Environment details::

  • Kubernetes version: v1.17.17 and v1.20.2 (bug happens with both versions)
  • Cloud-provider/provisioner: OpenStack Stein
  • cert-manager version: v1.1.0
  • Install method: Helm chart

/kind bug

@jetstack-bot jetstack-bot added the kind/bug Categorizes issue or PR as related to a bug. label Feb 7, 2021
@vineetmadan
Copy link

vineetmadan commented Jul 6, 2021

Any update on this?
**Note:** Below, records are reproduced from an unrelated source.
(* For all integers $n,k,p$ with $n\ge 9$, $3\le k\le n/3$ and $p\ge\max\{k-1,\lceil n/(k-1)\rceil\}$, there exists a feasible homogeneous PV graph $\vec G_R$ with $n$ sites, $k$ carriers and period $p$ such that $$\mathcal M(\vec G_R)\ \ge\ (k-2)(p+1)+\left\lfloor \frac{n}{k-1}\right\rfloor .$$ (This holds even though the agent knows $\vec G_R$, $k$, $p$ and has unlimited memory.)
   Context: A PV (periodically varying) system consists of a finite set $S$ of $n$ sites and a set $C$ of $k\le n$ carriers. Each carrier $c$ has a route $\pi(c)=\langle x_0,\dots,x_{p(c)-1}\rangle$, a finite sequence of sites (repetitions allowed) of length $p(c)\ge1$ called its period; $\pi(c)[j]=x_{j\bmod p(c)}$. At each time $t\in\mathbb N$ carrier $c$ is at $\pi(c)[t]$ and moves to $\pi(c)[t+1]$. The PV graph $\vec G_R$ is the directed edge-labelled multigraph on $S$ with edges $(x_i,x_{i+1},i)$, $0\le i<p(c)$, for every carrier. The period of the system is $p=\max_c p(c)$; the system is homogeneous if all $p(c)$ are equal, heterogeneous otherwise. An exploring agent is injected at time $0$ at a site of $\mathrm{start}(\vec G_R)=\{\pi(c)[0]:c\in C\}$; if at time $t$ it is at site $x$ it must either ride one step with some carrier $c$ with $\pi(c)[t]=x$ (one move, to $\pi(c)[t+1]$) or halt; it cannot wait. A walk is a concrete cover if it visits every site. A strategy solves PVG-Exploration of $\vec G_R$ if from every injection site the agent visits all sites and halts in finite time. $\vec G_R$ is feasible if from the starting point of every carrier some realizable walk is a concrete cover. For feasible $\vec G_R$, $\mathcal M(\vec G_R)$ denotes the minimum, over all deterministic strategies solving PVG-Exploration of $\vec G_R$ (which may use full knowledge of $\vec G_R$ and unlimited memory), of the maximum over injection sites of the number of moves performed. *)

From mathcomp Require Import all_boot.
Set Implicit Arguments. Unset Strict Implicit. Unset Printing Implicit Defensive.

Section PV.
Variables (n k p : nat).
(* A homogeneous PV system with sites 'I_n, carriers 'I_k and common period p:
   carrier c has route <R c 0, ..., R c (p-1)>; values R c t for t >= p are
   irrelevant. *)
Variable R : 'I_k -> nat -> 'I_n.

Definition pv_at (c : 'I_k) (t : nat) : 'I_n := R c (t %% p).

Definition in_start (x : 'I_n) : Prop := exists c : 'I_k, pv_at c 0 = x.

Fixpoint realizable (x : 'I_n) (t : nat) (w : seq 'I_k) : Prop :=
  match w with
  | [::] => True
  | c :: w' => pv_at c t = x /\ realizable (pv_at c t.+1) t.+1 w'
  end.

Fixpoint visited (x : 'I_n) (t : nat) (w : seq 'I_k) : seq 'I_n :=
  x :: match w with
       | [::] => [::]
       | c :: w' => visited (pv_at c t.+1) t.+1 w'
       end.

Definition concrete_cover (x0 : 'I_n) (w : seq 'I_k) : Prop :=
  forall y : 'I_n, y \in visited x0 0 w.

Definition feasible : Prop :=
  forall c : 'I_k, exists w : seq 'I_k,
    realizable (pv_at c 0) 0 w /\ concrete_cover (pv_at c 0) w.

(* A deterministic strategy with full knowledge of the system and unlimited
   memory: given the injection site and the full history of moves so far
   (the time is the length of the history), it either rides a carrier
   (Some c) or halts (None). *)
Definition strategy := 'I_n -> seq 'I_k -> option 'I_k.

Fixpoint follows (s : strategy) (x0 : 'I_n) (h w : seq 'I_k) : Prop :=
  match w with
  | [::] => s x0 h = None
  | c :: w' => s x0 h = Some c /\ follows s x0 (rcons h c) w'
  end.

Definition explores_in (s : strategy) (x0 : 'I_n) (m : nat) : Prop :=
  exists w : seq 'I_k, [/\ follows s x0 [::] w, realizable x0 0 w,
                          concrete_cover x0 w & size w = m].

Definition solves (s : strategy) : Prop :=
  forall x0, in_start x0 -> exists m, explores_in s x0 m.

Definition worst_cost (s : strategy) (m : nat) : Prop :=
  (forall x0, in_start x0 -> exists2 m', m' <= m & explores_in s x0 m') /\
  (exists2 x0, in_start x0 & explores_in s x0 m).

Definition is_M (m : nat) : Prop :=
  (exists s, worst_cost s m) /\ (forall s m', worst_cost s m' -> m <= m').

End PV.

Definition ceil_div (a b : nat) : nat := (a + b.-1) %/ b.

(* The witness system has a hub site 0 (where every carrier starts), k
   "leaf" sites 1, ..., k, and interior sites.  Carrier c visits the hub at
   phase 0 of its period, its own leaf c+1 at phase p-1, and fresh interior
   sites at the phases in between.  All carriers meet at the hub at every
   multiple of p, so the agent can ride carrier 0 for a period, then
   carrier 1, and so on: the system is feasible.  Conversely leaf d can only
   be entered at a time congruent to p-1 modulo p, and distinct leaves need
   distinct such times, so by pigeonhole any covering walk needs k*p - 1
   moves (Lemma [phase_locked_cover_bound]).  Since the hub is the only
   injection site, M equals the length of a shortest covering walk from it,
   which is at least k*p - 1 >= (k-2)(p+1) + floor(n/(k-1)). *)
From Stdlib Require Import Classical Wf_nat.
From mathcomp Require Import all_boot zify.

Set Implicit Arguments.
Unset Strict Implicit.
Unset Printing Implicit Defensive.

Section AnySystem.
Variables (n k p : nat) (R : 'I_k -> nat -> 'I_n).

Lemma size_visited x t w : size (visited p R x t w) = (size w).+1.
Proof. by elim: w x t => [|c w IH] x t //=; rewrite IH. Qed.

Lemma visited_nth_carrier x t w : realizable p R x t w ->
  forall i, 0 < i <= size w ->
  exists c, pv_at p R c (t + i) = nth x (visited p R x t w) i.
Proof.
elim: w x t => [|c w IH] x t /=; first by move=> _ i; case: i.
move=> [_ Hw] [//|[|i]] Hi /=.
  by exists c; rewrite addn1; case: (w).
have [c' Hc'] := IH _ _ Hw i.+1 Hi.
by exists c'; rewrite -addSnnS Hc' (set_nth_default x) // size_visited.
Qed.

Lemma carrier_schedule_walk (g : nat -> 'I_k) len t :
  (forall i, t <= i < t + len -> pv_at p R (g i) i.+1 = pv_at p R (g i.+1) i.+1) ->
  realizable p R (pv_at p R (g t) t) t [seq g i | i <- iota t len] /\
  visited p R (pv_at p R (g t) t) t [seq g i | i <- iota t len] =
    [seq pv_at p R (g i) i | i <- iota t len.+1].
Proof.
elim: len t => [|len IH] t meet //.
have meet' i : t.+1 <= i < t.+1 + len ->
    pv_at p R (g i) i.+1 = pv_at p R (g i.+1) i.+1.
  by move=> Hi; apply: meet; lia.
have [Hr Hv] := IH t.+1 meet'.
have meet_t : pv_at p R (g t) t.+1 = pv_at p R (g t.+1) t.+1 by apply: meet; lia.
by rewrite /= meet_t Hv.
Qed.

(* Pigeonhole bound: if l distinct sites other than the start xs can only be
   occupied at times congruent to p-1 modulo p, every covering walk from xs
   needs l * p - 1 moves, since no two of them fit in one period. *)
Lemma phase_locked_cover_bound (l : nat) (leaf : 'I_l -> 'I_n) (xs : 'I_n) :
  0 < p -> injective leaf -> (forall d, leaf d != xs) ->
  (forall c t d, pv_at p R c t = leaf d -> t %% p = p.-1) ->
  forall w, realizable p R xs 0 w -> concrete_cover p R xs w ->
  l * p - 1 <= size w.
Proof.
move=> p_gt0 leaf_inj leaf_neq phase w Hr Hc.
rewrite leqNgt; apply/negP => short.
pose time d := index (leaf d) (visited p R xs 0 w).
have time_ok d : time d <= size w /\ time d %% p = p.-1.
  have at_time : nth xs (visited p R xs 0 w) (time d) = leaf d
    by rewrite nth_index.
  have time_lt : time d < (size w).+1
    by rewrite -(size_visited xs 0 w) index_mem.
  have time_gt0 : 0 < time d.
    rewrite lt0n; apply: contraNneq (leaf_neq d) => t0.
    by rewrite -at_time t0; case: (w).
  have in_range : 0 < time d <= size w by rewrite time_gt0.
  have [c Hcar] := visited_nth_carrier Hr in_range.
  by split=> //; apply: (phase c _ d); rewrite -[time d]add0n Hcar.
have block_lt d : time d %/ p < l.-1.
  have [le_w mod_t] := time_ok d.
  rewrite ltnNge; apply/negP => late_block.
  have : l.-1 * p <= time d %/ p * p by rewrite leq_mul2r late_block orbT.
  by have := divn_eq (time d) p; rewrite mod_t; nia.
have block_inj : injective (fun d => Ordinal (block_lt d)).
  move=> d1 d2 /(congr1 val) /= same_block; apply: leaf_inj.
  have [_ m1] := time_ok d1; have [_ m2] := time_ok d2.
  rewrite -(nth_index xs (Hc (leaf d1))) -(nth_index xs (Hc (leaf d2))).
  by rewrite -/(time d1) -/(time d2) (divn_eq (time d1) p) (divn_eq (time d2) p)
    m1 m2 same_block.
by have := leq_card _ block_inj; rewrite !card_ord; lia.
Qed.

Definition replay (W : seq 'I_k) : strategy n k :=
  fun _ h => ohead (drop (size h) W).

Lemma replay_follows W x0 h w : drop (size h) W = w -> follows (replay W) x0 h w.
Proof.
elim: w h => [|c w IH] h /= Hd; first by rewrite /replay Hd.
split; first by rewrite /replay Hd.
by apply: IH; rewrite size_rcons -addn1 addnC -drop_drop Hd drop1.
Qed.

Lemma replay_worst_cost (W : seq 'I_k) (xs : 'I_n) :
  (forall x0, in_start p R x0 -> x0 = xs) -> in_start p R xs ->
  realizable p R xs 0 W -> concrete_cover p R xs W ->
  worst_cost p R (replay W) (size W).
Proof.
move=> single Hxs HW HC.
have explore : explores_in p R (replay W) xs (size W).
  by exists W; split=> //; exact: (@replay_follows W xs [::] W (drop0 W)).
split; last by exists xs.
by move=> x0 /single ->; exists (size W).
Qed.

Lemma is_M_exists : (exists s m, worst_cost p R s m) -> exists m, is_M p R m.
Proof.
move=> [s [m Hsm]].
have [m0 [[[s0 Hs0] least] _]] :=
  dec_inh_nat_subset_has_unique_least_element
    (fun m => exists s, worst_cost p R s m) (fun m => classic _)
    (ex_intro _ m (ex_intro _ s Hsm)).
by exists m0; split; [exists s0 | move=> s' m' Hs'; apply/leP/least; exists s'].
Qed.

Lemma worst_cost_ge (B : nat) (xs : 'I_n) s m : in_start p R xs ->
  (forall w, realizable p R xs 0 w -> concrete_cover p R xs w -> B <= size w) ->
  worst_cost p R s m -> B <= m.
Proof.
move=> Hxs long [all_starts _].
have [m' le_m' [w [_ Hr Hc size_w]]] := all_starts xs Hxs.
by apply: leq_trans le_m'; rewrite -size_w; exact: long.
Qed.

End AnySystem.

Section Construction.
Variables (n k p : nat).
Hypothesis k_lt_n : k.+1 < n.

Definition site (c j : nat) : nat :=
  if j == 0 then 0
  else if j == p.-1 then c.+1
  else minn (k + c * (p - 2) + j) n.-1.

Lemma site_lt (c : 'I_k) j : site c j < n.
Proof.
rewrite /site; case: ifP => _; first lia.
by case: ifP => _; [have := ltn_ord c | have := geq_minr (k + c * (p - 2) + j) n.-1]; lia.
Qed.

Definition route (c : 'I_k) (j : nat) : 'I_n := Ordinal (site_lt c j).

Definition hub : 'I_n := Ordinal (ltn_trans (ltn0Sn k) k_lt_n).

Lemma leaf_lt (d : 'I_k) : d.+1 < n.
Proof. by have := ltn_ord d; lia. Qed.

Definition leaf (d : 'I_k) : 'I_n := Ordinal (leaf_lt d).

Lemma route_start c : pv_at p route c 0 = hub.
Proof. by apply: val_inj; rewrite /= mod0n. Qed.

Lemma single_start x0 : in_start p route x0 -> x0 = hub.
Proof. by case=> c <-; exact: route_start. Qed.

Lemma leaf_phase c t d : pv_at p route c t = leaf d -> t %% p = p.-1.
Proof.
move/(congr1 val); rewrite /= /site.
case: ifP => [_ //|t0]; case: ifP => [/eqP //|_].
have := geq_minr (k + c * (p - 2) + t %% p) n.-1.
have := ltn_ord d; move: t0 => /negbT; move: (t %% p) (c * (p - 2)) => r m; lia.
Qed.

(* From now on the period is long enough for the routes to cover all sites. *)
Hypotheses (k_gt0 : 0 < k) (p_ge3 : 3 <= p) (n_small : n <= k * (p - 2) + k + 1).

Lemma site_onto (y : 'I_n) : exists c : 'I_k, exists2 j, j < p & site c j = y.
Proof.
case: (posnP y) => [y0|y_gt0].
  by exists (Ordinal k_gt0), 0; rewrite /site ?eqxx ?y0 //; lia.
case: (leqP y k) => y_le_k.
  have yk : y.-1 < k by lia.
  exists (Ordinal yk), p.-1; first lia.
  rewrite /site /= ifN_eq ?eqxx; lia.
set z := y - k.+1.
have p2_gt0 : 0 < p - 2 by lia.
have zk : z %/ (p - 2) < k by rewrite ltn_divLR //; have := ltn_ord y; lia.
have zmod := ltn_pmod z p2_gt0.
exists (Ordinal zk), (z %% (p - 2)).+1; first lia.
rewrite /site /= ifN_eq; last lia.
have := divn_eq z (p - 2); have := ltn_ord y.
move: (z %/ (p - 2) * (p - 2)) (z %% (p - 2)) zmod => q r; lia.
Qed.

Definition tour_carrier (i : nat) : 'I_k := insubd (Ordinal k_gt0) (i %/ p).

Definition tour : seq 'I_k := [seq tour_carrier i | i <- iota 0 (k * p)].

(* Consecutive carriers of the tour meet, either on a common route or at
   the hub at the end of a period, so the tour is a legal walk. *)
Lemma tour_walk :
  realizable p route hub 0 tour /\
  visited p route hub 0 tour = [seq pv_at p route (tour_carrier i) i | i <- iota 0 (k * p).+1].
Proof.
rewrite -(route_start (tour_carrier 0)); apply: carrier_schedule_walk => i _.
case: (boolP (p %| i.+1)) => [/eqP at_hub | not_hub].
  by apply: val_inj; rewrite /= at_hub.
by rewrite /tour_carrier divnS ?(negbTE not_hub) ?addn0 //; lia.
Qed.

(* The tour passes through every phase of every route, hence every site. *)
Lemma tour_cover : concrete_cover p route hub tour.
Proof.
move=> y; rewrite (proj2 tour_walk).
have [c [j j_lt_p site_y]] := site_onto y.
apply/mapP; exists (c * p + j); first by rewrite mem_iota; have := ltn_ord c; nia.
have block : (c * p + j) %/ p = c by rewrite divnMDl ?divn_small ?addn0 //; lia.
apply: val_inj; rewrite /= /tour_carrier insubdK ?block; last exact: ltn_ord.
by rewrite modnMDl modn_small // site_y.
Qed.

Lemma construction_feasible : feasible p route.
Proof. by move=> c; exists tour; rewrite route_start; split; [case: tour_walk|exact: tour_cover]. Qed.

Lemma construction_cover_bound w :
  realizable p route hub 0 w -> concrete_cover p route hub w -> k * p - 1 <= size w.
Proof.
apply: (phase_locked_cover_bound (leaf := leaf)); first lia.
- by move=> d1 d2 /(congr1 val) [] /val_inj.
- by move=> d; apply/eqP => /(congr1 val).
- exact: leaf_phase.
Qed.

Lemma construction_M : exists m, is_M p route m /\ k * p - 1 <= m.
Proof.
have hub_start : in_start p route hub by exists (Ordinal k_gt0); exact: route_start.
have [m M_m] : exists m, is_M p route m.
  apply: is_M_exists; exists (replay tour), (size tour).
  by apply: replay_worst_cost; [exact: single_start | | case: tour_walk | exact: tour_cover].
exists m; split=> //; have [[s Hs] _] := M_m.
exact: worst_cost_ge hub_start construction_cover_bound Hs.
Qed.

End Construction.

Lemma ceil_div_le n d p : 0 < d -> ceil_div n d <= p -> n <= d * p.
Proof. by move=> d_gt0; rewrite /ceil_div -ltnS ltn_divLR //; lia. Qed.

Lemma period_ge3 n k p : 3 <= k -> 3 * k <= n -> n <= k.-1 * p -> 3 <= p.
Proof. by nia. Qed.

Lemma sites_fit n k p : 3 <= p -> k.-1 <= p -> n <= k.-1 * p ->
  n <= k * (p - 2) + k + 1.
Proof. by nia. Qed.

Lemma cover_bound_dominates k p q : 2 <= k -> k.-1 <= p -> q <= p ->
  (k - 2) * (p + 1) + q <= k * p - 1.
Proof. by nia. Qed.

Theorem mainTheorem3 (n k p : nat) :
  9 <= n -> 3 <= k -> 3 * k <= n ->
  maxn k.-1 (ceil_div n k.-1) <= p ->
  exists R : 'I_k -> nat -> 'I_n,
    feasible p R /\
    exists m, is_M p R m /\ (k - 2) * (p + 1) + n %/ k.-1 <= m.
Proof.
move=> n_ge9 k_ge3 kn; rewrite geq_max => /andP [k_le_p ceil_le_p].
have k_gt0 : 0 < k by lia.
have n_le_kp : n <= k.-1 * p by apply: ceil_div_le ceil_le_p; lia.
have p_ge3 := period_ge3 k_ge3 kn n_le_kp.
have k_lt_n : k.+1 < n by lia.
have n_small := sites_fit p_ge3 k_le_p n_le_kp.
exists (route p k_lt_n); split; first exact: construction_feasible.
have [m [Ms bound]] := construction_M k_lt_n k_gt0 p_ge3 n_small.
exists m; split=> //; apply: leq_trans bound.
apply: cover_bound_dominates => //; first lia.
by apply: leq_trans ceil_le_p; apply: leq_div2r; exact: leq_addr.
Qed.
I'm having the same issue with both Issuer and ClusterIssuer.

@jetstack-bot
Copy link
Collaborator

Issues go stale after 90d of inactivity.
Mark the issue as fresh with /remove-lifecycle stale.
Stale issues rot after an additional 30d of inactivity and eventually close.
If this issue is safe to close now please do so with /close.
Send feedback to jetstack.
/lifecycle stale

@jetstack-bot jetstack-bot added the lifecycle/stale Denotes an issue or PR has remained open with no activity and has become stale. label Oct 4, 2021
@jetstack-bot
Copy link
Collaborator

Stale issues rot after 30d of inactivity.
Mark the issue as fresh with /remove-lifecycle rotten.
Rotten issues close after an additional 30d of inactivity.
If this issue is safe to close now please do so with /close.
Send feedback to jetstack.
/lifecycle rotten
/remove-lifecycle stale

@jetstack-bot jetstack-bot added lifecycle/rotten Denotes an issue or PR that has aged beyond stale and will be auto-closed. and removed lifecycle/stale Denotes an issue or PR has remained open with no activity and has become stale. labels Nov 3, 2021
@jetstack-bot
Copy link
Collaborator

Rotten issues close after 30d of inactivity.
Reopen the issue with /reopen.
Mark the issue as fresh with /remove-lifecycle rotten.
Send feedback to jetstack.
/close

@jetstack-bot
Copy link
Collaborator

@jetstack-bot: Closing this issue.

In response to this:

Rotten issues close after 30d of inactivity.
Reopen the issue with /reopen.
Mark the issue as fresh with /remove-lifecycle rotten.
Send feedback to jetstack.
/close

Instructions for interacting with me using PR comments are available here. If you have questions or suggestions related to my behavior, please file an issue against the kubernetes/test-infra repository.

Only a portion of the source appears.